Quando a safra era fraca – e isso acontecia algumas vezes – o dinheiro recebido pelo marnoto não chegava para pagar as despesas feitas – ou pouco lhe sobrava – este tinha que empenhar-se para satisfazer os compromissos tomados e sustentar a família; no entanto, o patrão recebia, limpinha, a sua quota-parte, isto é, metade do produto da venda do sal sem se importar da situação em que ficava o seu marnoto. Era, assim, o contrato existente na exploração das marinhas.

É verdade que havia patrões – poucos – que acertavam com os marnotos à maneira destes não terem de tirar de casa os seus bens para obterem os empréstimos necessários, ou hipotecarem a sua casita, como aconteceu a alguns, que acabaram por ficar sem ela.

Patrões havia que se recusavam a fazer as obras indispensáveis à conservação da sua propriedade, tendo o marnoto de as fazer à sua custa, se é que queria trabalhar com algum proveito.

É que, então, acontecia haver marnotos que ficavam sem marinhas, por estas não chegarem para todos...

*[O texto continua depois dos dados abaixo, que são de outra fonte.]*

Lemma ln_card_delays_le n : (0 < n)%N ->
  ln (n.+1 + n.+1 * n.+1)%N%:R <= ln (6 : R) + 2 * ln n%:R.
Proof.
move=> n0; have n_pos : 0 < n%:R :> R by rewrite ltr0n.
rewrite mulr2n mulrDl mul1r addrA -!lnM ?posrE ?mulr_gt0// ler_ln ?posrE ?mulr_gt0 ?ltr0n//.
by rewrite -!natrM ler_nat; nia.
Qed.

Lemma expected_RT_pa_Delta_le (p lam : R) n (c : 'I_n.+1 -> R) :
  0 < p -> p < 1 -> 0 < lam -> (0 < n)%N ->
  (expected_RT lam (pa_Delta p lam n) c <=
   ((ln (1 + (- ln p)^-1) + 4 * ln (6 : R) + 8
     + 9 * ln n%:R + 2 * (Num.sqrt n%:R * ln n%:R)) / lam)%:E)%E.
Proof.
move=> p0 p1 lam0 n0.
apply: le_trans (expected_RT_le _ c lam0 n0) _; rewrite lee_fin.
rewrite -mulrA pa_delta_mulrn ?gt_eqF//.
have := pa_Delta_le p0 p1 lam0 n0; have := ln_card_delays_le n0.
have lam_inv0 : 0 < lam^-1 by rewrite invr_gt0.
rewrite !mulrDl; nra.
Qed.

Lemma le_mul_sqrt_ln (K : R) n : 0 <= K -> (2 <= n)%N ->
  K + 9 * ln n%:R + 2 * (Num.sqrt n%:R * ln n%:R)
  <= (K / ln 2 + 11) * (Num.sqrt n%:R * ln n%:R).
Proof.
move=> K0 n2; have ln2 : 0 < ln (2 : R) by rewrite ln_gt0// ltr1n.
have ln_ge : ln 2 <= ln n%:R :> R by rewrite ler_ln ?posrE ?ltr0n ?ler_nat// (leq_trans _ n2).
have sqrt_ge1 : 1 <= Num.sqrt n%:R :> R.
  by rewrite -[leLHS]sqrtr1 ler_sqrt ?ler1n// (leq_trans _ n2).
have lnP : ln n%:R <= Num.sqrt n%:R * ln n%:R :> R.
  exact: ler_peMl (le_trans (ltW ln2) ln_ge) sqrt_ge1.
have KP : K <= K / ln 2 * (Num.sqrt n%:R * ln n%:R).
  have Kl0 : 0 <= K / ln 2 := divr_ge0 K0 (ltW ln2).
  by apply: le_trans (ler_wpM2l Kl0 (le_trans ln_ge lnP)); rewrite divfK ?gt_eqF.
by rewrite mulrDl; lra.
Qed.

End Asymptotics.

Theorem theorem7 (R : realType) (p lam : R) :
  0 < p < 1 -> 0 < lam ->
  exists C : R, exists N : nat, forall n : nat, (N <= n)%N ->
    forall c : 'I_n.+1 -> R,
      (expected_RT lam (pa_Delta p lam n) c
         <= (C * (Num.sqrt n%:R * ln n%:R) / lam)%:E)%E.
Proof.
move=> /andP[p0 p1] lam0.
set K := ln (1 + (- ln p)^-1) + 4 * ln (6 : R) + 8.
have K0 : 0 <= K.
  have q0 : 0 <= (- ln p)^-1 by rewrite invr_ge0 oppr_ge0 ln_le0// ltW.
  by rewrite !addr_ge0 ?mulr_ge0 ?ln_ge0 ?lerDl ?ler1n.
exists (K / ln 2 + 11), 2%N => n n2 c.
apply: le_trans (expected_RT_pa_Delta_le c p0 p1 lam0 (ltnW n2)) _.
rewrite lee_fin ler_pM2r ?invr_gt0// -/K.
exact: le_mul_sqrt_ln.
Qed.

Agora, as coisas passam-se de maneira diferente, como todos sabem: virou-se o bico ao prego. Há quem faça a exploração a meias, cabendo a cada uma das partes metade do produto líquido apurado. Outros são contratados como encarregados, mediante uma quantia fixa pela safra (quer o patrão ganhe ou perca dinheiro), acontecendo que há deles que não tomam a sério a missão que se obrigaram a desempenhar, abandonando a marinha a horas a que a sua presença ainda era de utilidade para obter um melhor rendimento.

Para obviar a este inconveniente, há patrões que contratam dar uma percentagem por cada vagão que a marinha produzir, além do rendimento normal (quantidade esta estabelecida, previamente, entre ambas as partes). / 180 /

Ligados à faina das marinhas temos os barqueiros que, nelas, carregam os barcos à e à padiola e transportam o sal para os locais da descarga: armazéns, vagões, camionetas, etc., competindo-lhes, também, carregarem, dentro do barco, as canastras das salineiras ou as padiolas dos homens que depositam o sal nos locais que lhes são indicados pelos negociantes que o compraram nas marinhas.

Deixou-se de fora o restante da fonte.